▼
(* Let $N=2^n$ and $L=\{f:\{0,1\}^n\to\{0,1\}\ :\ \exists s\in\{0,1\}^n\setminus\{0^n\}\ \forall x\ f(x)=f(x\oplus s)\}$. Every classical probabilistic property tester for $L$ with distance parameter $1/8$ (even with two-sided error) makes $\Omega(\sqrt N)$ queries.
   Context: Functions $f:\{0,1\}^n\to\{0,1\}$ are identified with strings of length $N=2^n$. $f$ is $\epsilon$-far from $L$ if it differs from every $g\in L$ in more than $\epsilon N$ points. A classical property tester with distance parameter $\epsilon$ is a probabilistic (possibly adaptive) algorithm querying values $f(x)$ that accepts every $f\in L$ with probability $\ge2/3$ and every $\epsilon$-far $f$ with probability $\le1/3$; complexity is the number of queries. *)

From HB Require Import structures.
From mathcomp Require Import all_boot all_order all_algebra.
Set Implicit Arguments. Unset Strict Implicit. Unset Printing Implicit Defensive.
Import Order.TTheory GRing.Theory Num.Theory.

Definition point (n : nat) : finType := {ffun 'I_n -> bool}.

Definition xorp n (x s : point n) : point n := [ffun i => x i (+) s i].

Definition zerop n : point n := [ffun _ => false].

Definition boolfun (n : nat) : finType := {ffun point n -> bool}.

Definition inL n (f : boolfun n) : bool :=
  [exists s : point n, (s != zerop n) && [forall x : point n, f x == f (xorp x s)]].

Definition fdist n (f g : boolfun n) : nat := #|[set x : point n | f x != g x]|.

(* Deterministic adaptive query algorithms = decision trees: a node queries f at
   a point and continues according to the answer; a leaf outputs accept/reject. *)
Inductive dtree (n : nat) : Type :=
| Leaf of bool
| Node of point n & dtree n & dtree n.

Fixpoint run n (t : dtree n) (f : boolfun n) : bool :=
  match t with
  | Leaf b => b
  | Node x t0 t1 => if f x then run t1 f else run t0 f
  end.

Fixpoint depth n (t : dtree n) : nat :=
  match t with
  | Leaf _ => 0
  | Node _ t0 t1 => (maxn (depth t0) (depth t1)).+1
  end.

Local Open Scope ring_scope.

(* A probabilistic (possibly adaptive) query algorithm: a probability distribution
   over deterministic decision trees, given by a finite list of (weight, tree). *)
Definition rand_alg (R : realFieldType) n := seq (R * dtree n).

Definition is_distribution (R : realFieldType) n (A : rand_alg R n) : Prop :=
  all (fun p => 0 <= p.1) A /\ \sum_(p <- A) p.1 = 1.

Definition accept_prob (R : realFieldType) n (A : rand_alg R n) (f : boolfun n) : R :=
  \sum_(p <- A) p.1 * (run p.2 f)%:R.

Definition makes_at_most (R : realFieldType) n (A : rand_alg R n) (q : nat) : Prop :=
  all (fun p => depth p.2 <= q)%N A.

Definition eps_far (R : realFieldType) n (eps : R) (f : boolfun n) : Prop :=
  forall g : boolfun n, inL g -> eps * (2 ^ n)%:R < (fdist f g)%:R.

Definition is_tester (R : realFieldType) n (eps : R) (A : rand_alg R n) : Prop :=
  is_distribution A /\
  (forall f : boolfun n, inL f -> 2 / 3 <= accept_prob A f) /\
  (forall f : boolfun n, eps_far eps f -> accept_prob A f <= 1 / 3).

(* Yao's principle with the uniform distribution on all functions.  Fix a
   nonzero period [s].  A decision tree cannot tell a uniform function from a
   uniform [s]-periodic one (which lies in [L]) unless its queries contain two
   points [x] and [x + s]; with [q] queries this happens for at most [q ^ 2] of
   the [N - 1] periods.  Averaging over [s], a tester accepts a uniform function
   with probability at least [2/3 - O(q ^ 2 / N)].  On the other hand, a function
   [1/8]-close to some [s]-periodic function has few mismatched pairs
   [{x, x + s}], so at most a sixth of all functions are close to [L] and a
   uniform function is accepted with probability at most [1/2]. *)

From HB Require Import structures.
From mathcomp Require Import all_boot all_order all_algebra.
From mathcomp Require Import ring lra zify.
Import Order.TTheory GRing.Theory Num.Theory.
Set Implicit Arguments. Unset Strict Implicit. Unset Printing Implicit Defensive.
▲
**TASK DESCRIPTION:**
Return a copy of each line of the material that holds the word "xorp".

**RESPONSE BOX:**
Definition xorp n (x s : point n) : point n := [ffun i => x i (+) s i].
  [exists s : point n, (s != zerop n) && [forall x : point n, f x == f (xorp x s)]].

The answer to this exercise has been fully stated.